The Danish ballad "Faestemanden I Graven" was made into a short film, "Aage og Else" (1983). Though not recorded till the nineteenth century, “The Unquiet Grave,” as a folk work, may date to the same period as those two seventeenth-century ballads. On the Fresno State University website, Robert B Waltz compares "The Unquiet Grave" with an older carol, "There blows a cold wind today," in the Bodleian Library MS 7683 (dated ca. 1500), but adds: "I must say that I find this a stretch; the similarities are slight indeed."

==Recordings==
- The composer Ralph Vaughan Williams wrote several arrangements for "How Cold the Wind doth Blow (or The Unquiet Grave)". The best known, from 1912, is for piano, violin and voice. It was recorded in 1976 by Sir Philip Ledger, Hugh Bean and Robert Tear. Catalogue It also appears on the 1989 recording Songs of Britten and Vaughan Williams by Canadian baritone Kevin McMillan.
- Kate Rusby, Rebsie Fairholm, Carol Noonan, Joan Baez, the Dubliners, Solas, Barbara Dickson, Shirley Collins, Circulus, David Pajo, Fire + Ice and Sarah Calderwood have recorded versions of this song.

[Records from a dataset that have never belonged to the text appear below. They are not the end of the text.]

Lemma ext_seeds_Some (V : finType) (mu nu : nat) (I : 'I_mu -> {set V})
    (S' : 'I_mu -> {set option V}) i :
  [set a | Some a \in ext_seeds nu I i :|: S' i] = I i :|: remove_new S' i.
Proof. by apply/setP => a; rewrite !inE mem_Some_imset; case: (i < nu)%N; rewrite !inE. Qed.

Lemma balanced_count_ext (V : finType) (mu nu : nat) (Xs : 'I_mu -> {ffun V -> {set V}})
    (I : 'I_mu -> {set V}) (S' : 'I_mu -> {set option V}) :
  (nu <= mu)%N ->
  balanced_count nu (fun i => lift_outcome (Xs i)) (ext_seeds nu I) S' =
  (balanced_count nu Xs I (remove_new S')).+1.
Proof.
move=> le_nu_mu; rewrite /balanced_count card_option_set /=.
have -> : (nu <= #|[set i | None \in reach (lift_outcome (Xs i))
                                              (ext_seeds nu I i :|: S' i)]|)%N.
  rewrite -{1}(card_ord_lt le_nu_mu); apply/subset_leq_card/subsetP => i.
  rewrite in_set => lt_i_nu; rewrite in_set; apply: reach_seed.
  by rewrite /ext_seeds lt_i_nu !inE eqxx.
rewrite orbT add1n; congr (_.+1); apply: eq_card => w; rewrite !inE.
suff -> : [set i | Some w \in reach (lift_outcome (Xs i)) (ext_seeds nu I i :|: S' i)] =
          [set i | w \in reach (Xs i) (I i :|: remove_new S' i)] by [].
by apply/setP => i; rewrite [LHS]in_set [RHS]in_set reach_lift_outcome ext_seeds_Some.
Qed.

Definition expect (R : nzRingType) (V : finType) (E : rel V) (mu : nat) (s : setting)
    (P : 'I_mu -> V -> V -> R) (f : ('I_mu -> {ffun V -> {set V}}) -> R) : R :=
  match s with
  | Heterogeneous =>
      \sum_(Xs : {ffun 'I_mu -> {ffun V -> {set V}}})
         (\prod_(i : 'I_mu) outcome_prob E (P i) (Xs i)) * f Xs
  | Correlated =>
      \sum_(X : {ffun V -> {set V}}) outcome_prob E (p_first P) X * f (fun _ => X)
  end.

Lemma Phi_expect (R : nzRingType) (V : finType) (E : rel V) (mu nu : nat) (s : setting)
    (P : 'I_mu -> V -> V -> R) I S :
  Phi E nu s P I S = expect E s P (fun Xs => (balanced_count nu Xs I S)%:R).
Proof. by case: s. Qed.
Lemma cd_snd_pair_mulr a b c d :
  cd_snd (qmul (cd_pair (qcplx mu a b) (qcplx mu c d)) mu) = qcplx mu d (- c).
Proof.
rewrite /cd_snd; congr qcplx; first by_orthonormal (d * qnorm2 nu) d (a - 2 * d * qdot mu nu).
by_orthonormal (- c * qnorm2 nu) (- c) (b * qnorm2 mu + 2 * c * qdot mu nu).
Qed.

End OrthonormalPair.

Section Expectation.
Context {R : realType} {d : measure_display} {T : measurableType d}.
Variable P : probability T R.

Lemma fine_expectationN (f : T -> R) :
  fine ('E_P[fun w => (- f w)%R])%E = - fine ('E_P[f])%E.
Proof.
have posN : ((fun w => (- f w)%R%:E)^\+ = (fun w => (f w)%:E)^\-)%E.
  by rewrite -funeposN; apply/funext.
have negN : ((fun w => (- f w)%R%:E)^\- = (fun w => (f w)%:E)^\+)%E.
  by rewrite -funenegN; apply/funext.
rewrite unlock integralE [in RHS]integralE posN negN.
case: (\int[P]_x _)%E => [u||]; case: (\int[P]_x _)%E => [v||] //=; rewrite ?oppr0 //.
by rewrite opprB.
Qed.

Lemma expectation_eq_dist {d' : measure_display} {U : measurableType d'} (X Y : T -> U) :
  measurable_fun setT X -> measurable_fun setT Y ->
  (forall A, measurable A -> P (X @^-1` A) = P (Y @^-1` A)) ->
  forall G : U -> R, measurable_fun setT G ->
  ('E_P[G \o X] = 'E_P[G \o Y])%E.
Proof.
move=> mX mY XY G /measurable_EFinP mG.
have E_push Z : measurable_fun setT Z ->
    ('E_P[G \o Z] = \int[pushforward P Z]_y (EFin \o G)^\+ y
                    - \int[pushforward P Z]_y (EFin \o G)^\- y)%E.
  move=> mZ; rewrite unlock integralE.
  rewrite !ge0_integral_pushforward ?preimage_setT //.
  - by rewrite -funepos_comp -funeneg_comp.
  - exact: measurable_funeneg.
  - exact: measurable_funepos.
rewrite (E_push _ mX) (E_push _ mY).
by congr (_ - _)%E; apply: eq_measure_integral => A mA _; exact: XY.
Qed.

Lemma fine_expectation_odd {d' : measure_display} {U : measurableType d'} (X Y : T -> U) :
  measurable_fun setT X -> measurable_fun setT Y ->
  (forall A, measurable A -> P (X @^-1` A) = P (Y @^-1` A)) ->
  forall G : U -> R, measurable_fun setT G ->
  (forall w, G (Y w) = - G (X w)) -> fine ('E_P[G \o X])%E = 0.
Proof.
move=> mX mY XY G mG GYX.
have := congr1 fine (expectation_eq_dist mX mY XY mG).
rewrite [G \o Y](funext GYX) fine_expectationN => /eqP.
by rewrite -subr_eq0 opprK -mulr2n mulrn_eq0 /= => /eqP.
Qed.

End Expectation.

Section QuaternionRandomVariables.
Context {R : realType} {d : measure_display} {T : measurableType d}.
Implicit Types X Y : T -> quat R.

Ltac measurable_poly := repeat first
  [ assumption | exact: measurable_cst | apply: measurable_funD | apply: measurable_funB
  | apply: measurable_funM | apply: measurable_funN ].

Lemma quat_rv_cst (p : quat R) : quat_rv (fun _ : T => p).
Proof. by split; exact: measurable_cst. Qed.

Lemma quat_rv_add X Y : quat_rv X -> quat_rv Y -> quat_rv (fun w => qadd (X w) (Y w)).
Proof. by move=> [? ? ? ?] [? ? ? ?]; split; rewrite /qadd /=; measurable_poly. Qed.

Lemma quat_rv_mul X Y : quat_rv X -> quat_rv Y -> quat_rv (fun w => qmul (X w) (Y w)).
Proof. by move=> [? ? ? ?] [? ? ? ?]; split; rewrite /qmul /=; measurable_poly. Qed.

Lemma quat_rv_qcplx (mu : quat R) (a b : T -> R) :
  measurable_fun setT a -> measurable_fun setT b -> quat_rv (fun w => qcplx mu (a w) (b w)).
Proof. by move=> *; split; rewrite /qcplx /qadd /qreal /qscale /=; measurable_poly. Qed.

Lemma measurable_qdot X (p : quat R) : quat_rv X -> measurable_fun setT (fun w => qdot (X w) p).
Proof. by move=> [? ? ? ?]; rewrite /qdot; measurable_poly. Qed.

Lemma measurable_quat_coords X : quat_rv X -> measurable_fun setT (fun w => quat_coords (X w)).
Proof. by move=> [? ? ? ?]; do 3 apply: measurable_fun_pair => //. Qed.

Lemma quat_rv_conj X : quat_rv X -> quat_rv (fun w => qconj (X w)).
Proof. by move=> [? ? ? ?]; split; rewrite /qconj /=; [|exact: measurable_funN ..]. Qed.

End QuaternionRandomVariables.

Definition quat_of_coords (R : Type) (x : R * R * R * R) : quat R :=
  Quat x.1.1.1 x.1.1.2 x.1.2 x.2.

Lemma quat_coordsK (R : realType) : cancel (@quat_coords R) (@quat_of_coords R).
Proof. by case. Qed.

Lemma quat_rv_of_coords (R : realType) : quat_rv (@quat_of_coords R).
Proof.
split=> /=.
- exact: measurableT_comp measurable_fst (measurableT_comp measurable_fst measurable_fst).
- exact: measurableT_comp measurable_snd (measurableT_comp measurable_fst measurable_fst).
- exact: measurableT_comp measurable_snd measurable_fst.
- exact: measurable_snd.
Qed.

Section QuaternionExpectation.
Context {R : realType} {d : measure_display} {T : measurableType d}.
Variable P : probability T R.
Implicit Types X Y : T -> quat R.

Lemma eq_qexp X Y : (forall w, X w = Y w) -> qexp P X = qexp P Y.
Proof. by move=> /funext ->. Qed.

Lemma qexp_conj X : qexp P (fun w => qconj (X w)) = qconj (qexp P X).
Proof. by rewrite /qexp /qconj /= !fine_expectationN. Qed.

Lemma qexp_qreal (f : T -> R) : qexp P (fun w => qreal (f w)) = qreal (fine ('E_P[f])%E).
Proof. by rewrite /qexp /qreal /= unlock integral0. Qed.

Lemma qexp_odd X Y (F : quat R -> quat R) :
  quat_rv X -> quat_rv Y -> quat_eq_dist P X Y -> quat_rv (F \o @quat_of_coords R) ->
  (forall w, F (Y w) = qscale (-1) (F (X w))) -> qexp P (fun w => F (X w)) = qzero R.
Proof.
move=> /measurable_quat_coords mX /measurable_quat_coords mY XY [? ? ? ?] FYX.
have odd (c : quat R -> R) : measurable_fun setT (c \o F \o @quat_of_coords R) ->
    (forall p, c (qscale (-1) p) = - c p) -> fine ('E_P[fun w => c (F (X w))])%E = 0.
  move=> mc cN; rewrite -(fine_expectation_odd mX mY XY mc) /=.
    by congr (fine ('E_P[_])%E); apply/funext => w /=; rewrite quat_coordsK.
  by move=> w /=; rewrite !quat_coordsK FYX cN.
by rewrite /qexp /qzero /qreal; congr Quat; apply: odd => // p; rewrite /qscale /= mulN1r.
Qed.

End QuaternionExpectation.

Section AugmentedCovariance.
Context {R : realType} {d : measure_display} {T : measurableType d}.
Variables (P : probability T R) (z1 z2 : T -> quat R).
Hypotheses (z12C : forall w, qmul (z1 w) (z2 w) = qmul (z2 w) (z1 w))
  (z12conjC : forall w, qmul (z1 w) (qconj (z2 w)) = qmul (qconj (z2 w)) (z1 w))
  (z11_0 : qexp P (fun w => qmul (z1 w) (z1 w)) = qzero R)
  (z22_0 : qexp P (fun w => qmul (z2 w) (z2 w)) = qzero R)
  (z12conj_0 : qexp P (fun w => qmul (z1 w) (qconj (z2 w))) = qzero R).

Let qconj_qexp0 (X : T -> quat R) :
  qexp P X = qzero R -> qexp P (fun w => qconj (X w)) = qzero R.
Proof. by rewrite qexp_conj => ->; exact: qconj0. Qed.

Lemma augmented_covariance :
  let qC := fun w => [:: z1 w; qconj (z1 w); z2 w; qconj (z2 w)] in
  let sigma2 := qreal (fine ('E_P[fun w => qnorm2 (z1 w)])%E) in
  let varsigma2 := qreal (fine ('E_P[fun w => qnorm2 (z2 w)])%E) in
  let omega := qexp P (fun w => qmul (z1 w) (z2 w)) in
  let o := qzero R in
  (\matrix_(i < 4, j < 4)
      qexp P (fun w => qmul (nth o (qC w) i) (qconj (nth o (qC w) j))))
  = mx4_of [:: [:: sigma2; o; o; omega];
              [:: o; sigma2; qconj omega; o];
              [:: o; omega; varsigma2; o];
              [:: qconj omega; o; o; varsigma2]].
Proof.
move=> qC sigma2 varsigma2 omega o; apply/matrixP => i j; rewrite !mxE.
case: i => [[|[|[|[|//]]]] ?]; case: j => [[|[|[|[|//]]]] ?] /=.
- by under eq_qexp do rewrite qmul_conjr; rewrite qexp_qreal.
- by under eq_qexp do rewrite qconjK.
- exact: z12conj_0.
- by under eq_qexp do rewrite qconjK.
- by under eq_qexp do rewrite -qconj_mul; exact: qconj_qexp0.
- by under eq_qexp do rewrite qconjK qmul_conjl; rewrite qexp_qreal.
- by under eq_qexp do rewrite -qconj_mul -z12C; rewrite qexp_conj.
- by under eq_qexp do rewrite qconjK -[z2 _]qconjK -qconj_mul -z12conjC; exact: qconj_qexp0.
- by under eq_qexp do rewrite -[z2 _]qconjK -qconj_mul; exact: qconj_qexp0.
- by under eq_qexp do rewrite qconjK -z12C.
- by under eq_qexp do rewrite qmul_conjr; rewrite qexp_qreal.
- by under eq_qexp do rewrite qconjK.
- by under eq_qexp do rewrite -qconj_mul; rewrite qexp_conj.
- by under eq_qexp do rewrite qconjK -z12conjC.
- by under eq_qexp do rewrite -qconj_mul; exact: qconj_qexp0.
- by under eq_qexp do rewrite qconjK qmul_conjl; rewrite qexp_qreal.
Qed.

End AugmentedCovariance.

Section CayleyDicksonRandomVariables.
Context {R : realType} {d : measure_display} {T : measurableType d}.
Variables (mu nu : quat R) (X : T -> quat R).
Hypothesis X_rv : quat_rv X.

Lemma quat_rv_cd_fst : quat_rv (fun w => cd_fst mu (X w)).
Proof. by case: X_rv => ? ? ? ?; apply: quat_rv_qcplx => //; exact: measurable_qdot. Qed.

Lemma quat_rv_cd_snd : quat_rv (fun w => cd_snd mu nu (X w)).
Proof. by apply: quat_rv_qcplx; exact: measurable_qdot. Qed.

End CayleyDicksonRandomVariables.

Section ProperQuaternion.
Context {R : realType} {d : measure_display} {T : measurableType d}.
Variables (P : probability T R) (mu nu : quat R) (z1 z2 : T -> quat R).
Hypotheses (mu_unit : pure_unit mu) (nu_unit : pure_unit nu) (mu_nu : qorth mu nu).
Hypotheses (z1_Cmu : forall w, in_Cmu mu (z1 w)) (z2_Cmu : forall w, in_Cmu mu (z2 w)).
Hypotheses (z1_rv : quat_rv z1) (z2_rv : quat_rv z2).
Let q w := cd_pair nu (z1 w) (z2 w).
Hypothesis q_proper : quat_eq_dist P q (fun w => qmul (q w) mu).

Lemma proper_qexp_odd (G : quat R -> quat R -> quat R) :
  quat_rv (fun x => G (cd_fst mu (quat_of_coords x)) (cd_snd mu nu (quat_of_coords x))) ->
  (forall a b c d, G (qcplx mu (- b) a) (qcplx mu d (- c))
                   = qscale (-1) (G (qcplx mu a b) (qcplx mu c d))) ->
  qexp P (fun w => G (z1 w) (z2 w)) = qzero R.
Proof.
move=> G_rv G_odd.
have q_rv : quat_rv q by apply: quat_rv_add z1_rv (quat_rv_mul z2_rv (quat_rv_cst nu)).
have qmu_rv : quat_rv (fun w => qmul (q w) mu) by apply: quat_rv_mul q_rv (quat_rv_cst mu).
pose F p := G (cd_fst mu p) (cd_snd mu nu p).
have coords w : exists a b c d, z1 w = qcplx mu a b /\ z2 w = qcplx mu c d.
  by have [a [b z1E]] := z1_Cmu w; have [c [d' z2E]] := z2_Cmu w; exists a, b, c, d'.
transitivity (qexp P (fun w => F (q w))).
  apply: eq_qexp => w; have [a [b [c [d' [z1E z2E]]]]] := coords w.
  by rewrite /F /q z1E z2E cd_fst_pair ?cd_snd_pair.
apply: (qexp_odd q_rv qmu_rv q_proper G_rv) => w.
have [a [b [c [d' [z1E z2E]]]]] := coords w.
by rewrite /F /q z1E z2E cd_fst_pair_mulr ?cd_snd_pair_mulr ?cd_fst_pair ?cd_snd_pair.
Qed.

End ProperQuaternion.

- A single-movement viola concerto by Australian composer Andrew Ford used the melody of the ballad as its foundation. Written in 1997, the concerto is pieced together from melodic fragments of the ballad and it is only in the final few minutes that the full theme emerges.
- Being a well-documented song and publicised by English Folk Dance and Song Society, The Broadside Ballads Project, and Mainly Norfolk, the song was recorded by Jon Boden and Oli Steadman for inclusion in their respective lists of daily folk songs "A Folk Song a Day" and "365 Days Of Folk".
- The Pennsylvania-based alternative rock band Ween recorded a version of the song (retitled "Cold Blows the Wind") on their 1997 album, The Mollusk. The liner notes jokingly describe the song as traditional Chinese spiritual.
- The gothic/darkwave band Faith and the Muse recorded a version on their debut Elyria in 1994.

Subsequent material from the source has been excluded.